1's there are, how many 2's there are, and like that.

And then in one path, and then if there's three 1's, then just output three 1's, and

so forth.

But the complication is that we have to carry the associated information along,

so we have to work a bit harder than that.

So here's the code for this method called KeyIndexedCounting, and

let's look at a demo.

4:12

So here's the KeyIndexedCounting demo.

Now to make this is a little less confusing, and not so many numbers,

we're going to use lowercase a for 0, b for 1, c for 2, and like that.

So it's the a minus first letter of the alphabet,

however you want to think of it, and we're only going to look at 6.

So we're supposing that we're sorting this array that has six different small

integers.

And we're using lowercase letters to represent the integers, so

that we can easily distinguish between the keys and the indices.

So now let's look at how the processing for this.

So the first thing that we do, is we go through and

we count the frequency of occurrence of each letter.

So the way that we do that, is we keep an array.

Now, the array's actually gotta be one bigger than the number of different

keys that we have, the number of different small integers that we have.

So in this case, array of size seven.

And just to make the code a little cleaner, we keep the number of a's in

count of 1, The number of b's in count of 2, and so forth.

And so once we set up, that's what we want to do,

then it's trivial to go ahead and count the frequencies.

We'd simply go through, for i from 0 to n, we'd go through our input.

And when we access a value in our input, it's a small integer,

so it's 0, 1, 2, 3, 4, or 5.

And we simply add 1 to that integer, and use it to index into the array.

So when we see an a that's 0, then we're incrementing count of 1,

when we see a b that's 1, we're incrementing count of 2, and so forth.

So in this case we increment count corresponding to d,

and then a, and c like that.

So every time we encounter a new key,

we just simply increment one of these counters.

In one pass-through, we get an array that gives us the number of a's,

b's, c's, d's, e's, and f's.

That's the first pas of key-indexed counting,

count the frequencies of each letter, using the key as an index.

6:33

Now the next step is called computing cumulates,

and that's a really easy thing as well.

All we do is we go through the count array, and simply,

at each step, we add the current one to the sum computed so far.

So if we look before, we had two a's and three b's.

So that means that there's five letters less than c, that's the a's and the b's.

And there's six letters less than b, and eight letters less than e, and so forth.

And that's just obtained by, we start with 2, add a 3 to it,

get 5, add 1 to it to get 6.

And with that one pass through the count array, then we can find out,

for example, there's six keys less than b, and eight keys less than e.

And those cumulates tell us where the d's go in the output.

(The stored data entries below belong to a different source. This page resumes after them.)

Lemma lch_aux_leP (as_ bs : seq nat) (d : nat) :
  sorted ltn as_ -> sorted ltn bs -> size as_ = size bs ->
  (forall x, x \in as_ -> x \notin bs) ->
  lch_aux as_ bs <= d <-> lch_bound as_ bs d.
Proof.
elim: as_ bs d => [|a as' IH] bs d sa sb sz dj; first by split.
have sa' := path_sorted sa.
have a_min : all (ltn a) as' := order_path_min ltn_trans sa.
have a_notin : a \notin bs by apply: dj; rewrite inE eqxx.
have dj' x : x \in as' -> x \notin bs by move=> x_in; apply: dj; rewrite inE x_in orbT.
rewrite /=; case E: [seq b <- bs | a < b] => [|b0 l].
- case: bs sb sz dj dj' a_notin E => [//|b bs'] sb sz dj dj' a_notin E.
  have below x : x \in b :: bs' -> x < a.
    move=> x_in; have : x \notin [seq b <- b :: bs' | a < b] by rewrite E.
    rewrite mem_filter x_in andbT -leqNgt => x_a.
    by rewrite ltn_neqAle x_a andbT; apply: contraNneq a_notin => <-.
  rewrite /= eqxx below ?mem_head // add1n (lch_bound_below d sz); last first.
    move=> x y /[!inE] /orP[/eqP -> | x_in] /below // y_a.
    exact: ltn_trans y_a (allP a_min x x_in).
  case: d => [|d]; first by rewrite !ltn0.
  have sz' : size as' = size bs' by case: sz.
  have dj_tail x : x \in as' -> x \notin bs'.
    by move=> /dj'; rewrite inE negb_or => /andP[].
  rewrite !ltnS (IH _ _ sa' (path_sorted sb) sz' dj_tail) (lch_bound_below d sz') //.
  move=> x y x_in y_in; have y_a : y < a by rewrite below // inE y_in orbT.
  exact: ltn_trans y_a (allP a_min x x_in).
- have : b0 \in [seq b <- bs | a < b] by rewrite E mem_head.
  rewrite mem_filter => /andP[a_b0 b0_in].
  have b0_min b : b \in bs -> a < b -> b0 <= b.
    move=> b_in a_b; have : b \in b0 :: l by rewrite -E mem_filter a_b b_in.
    have := sorted_filter ltn_trans (fun b => a < b) sb.
    rewrite E => /(order_path_min ltn_trans) /allP l_gt.
    by rewrite inE => /orP[/eqP -> // | /l_gt /ltnW].
  rewrite (leq_gtF (ltnW a_b0)) add0n.
  rewrite IH //.
    exact: iff_sym (lch_bound_cons_above d sa sz dj b0_in a_b0 b0_min).
  + exact (subseq_sorted ltn_trans (rem_subseq b0 bs) sb).
  + by rewrite size_rem //= -sz.
  + by move=> x /dj'; apply: contra; apply: mem_rem.
Qed.

Local Open Scope ring_scope.

Lemma homo_ltz_lt (f : int -> int) :
  (forall t, f t < f (t + 1)) -> {homo f : u v / u < v}.
Proof.
move=> f_succ u v uv.
have f_nat : {homo (fun k : nat => f (u + k%:Z)) : i j / (i < j)%N >-> i < j}.
  by apply: homo_ltn => [y x z|k]; [exact: lt_trans | rewrite -addn1 PoszD addrA].
have -> : v = u + `|v - u|%N%:Z by lia.
by rewrite -[u in f u]addr0; apply: f_nat; lia.
Qed.

Lemma int_succ_translation (f : int -> int) :
  (forall t, f (t + 1) = f t + 1) -> forall t, f t = t + f 0.
Proof.
move=> f_succ; elim/int_rec => [|k IH|k IH]; first by rewrite add0r.
  by rewrite -addn1 PoszD f_succ IH addrAC.
have := f_succ (- k.+1%:Z); have -> : - k.+1%:Z + 1 = - k%:Z by lia.
by rewrite IH; lia.
Qed.

Lemma incr_surj_translation (f : int -> int) :
  {homo f : u v / u < v} -> (forall k, exists t, f t = k) -> forall t, f t = t + f 0.
Proof.
move=> f_lt f_onto; apply: int_succ_translation => t.
have [u fu] := f_onto (f t + 1).
have ft_lt := f_lt t (t + 1) (ltrDl _ _).
case: (ltgtP u (t + 1)) => [u_lt | u_gt | u_eq]; last by rewrite -u_eq.
- have : f u <= f t by rewrite (le_mono f_lt); lia.
  by rewrite fu; lia.
- by have := f_lt _ _ u_gt; rewrite fu; lia.
Qed.

Section PeriodicEnum.
Variables (s : seq nat) (n : nat).
Local Notation m := (size s).

(* [zenum A] unfolds to [periodic_enum (reps A) n]. *)
Definition periodic_enum (t : int) : int :=
  (nth 0%N s (absz ((t - 1) %% m%:Z)%Z))%:Z + ((t - 1) %/ m%:Z)%Z * n%:Z.

Hypothesis s_pos : (0 < m)%N.

Lemma periodic_enum_nth (t0 : nat) (q : int) : (t0 < m)%N ->
  periodic_enum (t0%:Z + 1 + q * m%:Z) = (nth 0%N s t0)%:Z + q * n%:Z.
Proof.
move=> t0_lt; have m_neq0 : m%:Z != 0 by rewrite eqz_nat -lt0n.
have t0_range : (0 <= t0%:Z < m%:Z) by rewrite ltz_nat t0_lt.
rewrite /periodic_enum addrAC addrK addrC.
by rewrite divzMDl // divz_small // addr0 modzMDl modz_small.
Qed.

Lemma periodic_enum_cover (t : int) :
  exists t0 (q : int), (t0 < m)%N /\ t = t0%:Z + 1 + q * m%:Z.
Proof.
have m_gt0 : 0 < m%:Z by rewrite ltz_nat.
exists (absz ((t - 1) %% m%:Z)%Z), ((t - 1) %/ m%:Z)%Z.
rewrite -ltz_nat gez0_abs ?modz_ge0 ?gt_eqF // ltz_pmod //; split=> //.
by have := divz_eq (t - 1) m%:Z; lia.
Qed.

Lemma periodic_enum_shift (u q : int) :
  periodic_enum (u + q * m%:Z) = periodic_enum u + q * n%:Z.
Proof.
have [t0 [q1 [t0_lt ->]]] := periodic_enum_cover u.
by rewrite -addrA -mulrDl !periodic_enum_nth // mulrDl addrA.
Qed.

Hypothesis s_sorted : sorted ltn s.
Hypothesis s_range : forall x, x \in s -> (0 < x <= n)%N.

Lemma periodic_enum_lt : {homo periodic_enum : u v / u < v}.
Proof.
apply: homo_ltz_lt => t; have [t0 [q [t0_lt ->]]] := periodic_enum_cover t.
have [t1_lt | t1_ge] := ltnP t0.+1 m.
  have -> : t0%:Z + 1 + q * m%:Z + 1 = t0.+1%:Z + 1 + q * m%:Z by lia.
  rewrite !periodic_enum_nth // ltrD2r ltz_nat.
  by apply: (sorted_ltn_nth ltn_trans 0%N s_sorted); rewrite ?inE.
have t0_last : t0.+1 = m by apply/eqP; rewrite eqn_leq t0_lt t1_ge.
have -> : t0%:Z + 1 + q * m%:Z + 1 = 0%N%:Z + 1 + (q + 1) * m%:Z.
  by rewrite -t0_last; lia.
rewrite !periodic_enum_nth //.
have last_le : (nth 0 s t0 <= n)%N by have /andP[] := s_range (mem_nth 0%N t0_lt).
have first_gt : (0 < nth 0 s 0)%N by have /andP[] := s_range (mem_nth 0%N s_pos).
nia.
Qed.

Lemma periodic_enum_geE (a : nat) (u : int) : (0 < a <= n)%N -> a \notin s ->
  (a%:Z <= periodic_enum u) = ((count (fun b => b < a)%N s)%:Z < u).
Proof.
move=> /andP[a_gt0 a_le] a_notin; set k := count _ s.
have k_le : (k <= m)%N := count_size _ _.
have enum_k : periodic_enum k%:Z < a%:Z.
  have [k0 | k_gt0] := posnP k.
    have -> : k%:Z = m.-1%:Z + 1 + (-1) * m%:Z by rewrite k0; lia.
    have m1_lt : (m.-1 < m)%N by rewrite ltn_predL.
    rewrite periodic_enum_nth //.
    have : (nth 0 s m.-1 <= n)%N by have /andP[] := s_range (mem_nth 0%N m1_lt).
    lia.
  have -> : k%:Z = k.-1%:Z + 1 + 0 * m%:Z by lia.
  rewrite periodic_enum_nth; last by rewrite (leq_trans _ k_le) // prednK.
  by rewrite mul0r addr0 ltz_nat count_lt_nth ?prednK // (leq_trans _ k_le) ?prednK.
have enum_k1 : a%:Z < periodic_enum (k%:Z + 1).
  have [k_lt | k_ge] := ltnP k m.
    rewrite -[_ + 1]addr0 -(mul0r m%:Z) periodic_enum_nth // mul0r addr0 ltz_nat.
    rewrite ltn_neqAle leqNgt count_lt_nth // ltnn andbT.
    by apply: contraNneq a_notin => ->; apply: mem_nth.
  have -> : k%:Z + 1 = 0%N%:Z + 1 + 1 * m%:Z by lia.
  rewrite periodic_enum_nth //.
  have : (0 < nth 0 s 0)%N by have /andP[] := s_range (mem_nth 0%N s_pos).
  lia.
have enum_le := ltW_homo periodic_enum_lt.
apply/idP/idP => [a_le_u | k_lt_u].
  by rewrite ltNge; apply/negP => /enum_le; lia.
by have := enum_le (k%:Z + 1) u; lia.
Qed.
End PeriodicEnum.

Definition dominated (z z' : int -> int) (d : int) : Prop :=
  forall t, z t <= z' (t + d).

Definition least_shift (z z' : int -> int) (L : int) : Prop :=
  forall d, dominated z z' d <-> L <= d.

Lemma periodic_enum_least_shift (as_ bs : seq nat) (n : nat) :
  (0 < size as_)%N -> size as_ = size bs -> sorted ltn as_ -> sorted ltn bs ->
  (forall x, x \in as_ -> (0 < x <= n)%N) -> (forall x, x \in bs -> (0 < x <= n)%N) ->
  (forall x, x \in as_ -> x \notin bs) ->
  least_shift (periodic_enum as_ n) (periodic_enum bs n) (lch_aux as_ bs)%:Z.
Proof.
move=> as_pos sz sa sb ra rb dj d.
have bs_pos : (0 < size bs)%N by rewrite -sz.
have dominatedE : dominated (periodic_enum as_ n) (periodic_enum bs n) d <->
    forall t0, (t0 < size as_)%N ->
      (count (fun b => b < nth 0 as_ t0)%N bs)%:Z < t0%:Z + 1 + d.
  split=> [dom t0 t0_lt | bound t].
    have := dom (t0%:Z + 1 + 0 * (size as_)%:Z).
    by rewrite periodic_enum_nth // mul0r !addr0 periodic_enum_geE ?ra ?dj ?mem_nth.
  have [t0 [q [t0_lt ->]]] := periodic_enum_cover as_pos t.
  have -> : t0%:Z + 1 + q * (size as_)%:Z + d = t0%:Z + 1 + d + q * (size bs)%:Z.
    by rewrite -sz; lia.
  rewrite periodic_enum_nth // periodic_enum_shift // lerD2r.
  by rewrite periodic_enum_geE ?ra ?dj ?mem_nth //; apply: bound.
rewrite dominatedE; have [d_neg | d_ge0] := ltP d 0.
  by split=> [/(_ 0%N as_pos) | ]; lia.
have -> : d = (absz d)%:Z by rewrite gez0_abs.
rewrite lez_nat lch_aux_leP //.
by split=> bound t0 /bound; lia.
Qed.

Lemma least_shift_violated (z z' : int -> int) (L d : int) :
  least_shift z z' L -> (exists t, z' (t + d) < z t) <-> d < L.
Proof.
move=> least; split=> [[t zt] | d_lt].
  by rewrite ltNge; apply/negP => /least/(_ t); rewrite leNgt zt.
apply: NNPP => no_violation.
suff /least : dominated z z' d by lia.
by move=> t; rewrite leNgt; apply/negP => zt; apply: no_violation; exists t.
Qed.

There's 6 keys less than d, and 8 keys less than e,

so the d's have to go in a[6] and a[7].

So this is an array of indices that is going to tell us how to

distribute the keys in the output.

So that's the next step, access the cumulates,

using the key as index to move items.

So let's take a look at,

so now remember when we see an a, we're just going to count that as 0.

So we're going to go to count[0], and that will access this entry in the count array.

So we go through the whole array to be sorted, and we move each key

exactly to where it has to go, and we'll do that one at a time now.

So when i is 0, we're looking at the d.

The count array corresponding to d has 6, so it says,

just put d in there, and increment that.

That means if you have another d, it's going to go into 7.

And these things,

the way we precomputed them are not going to run into one another.

So now a, now that goes in 0, and

we increment the count array corresponding to a.

Next thing is c, and so that says to put it in 5,

and then increment the count array corresponding to c.

And f, let's put it in 9.

Next is b, we put it in 2, sorry, another f, we put in 10.

Next is b, that we put in 2.

So you can see, the keys from the input are getting distributed in the output

according to the counts and the cumulates that we've pre-computed.

So now we get the other d, which goes into 7.

We get another b, which goes into 3, and

an increment of 4 to move where the next one goes.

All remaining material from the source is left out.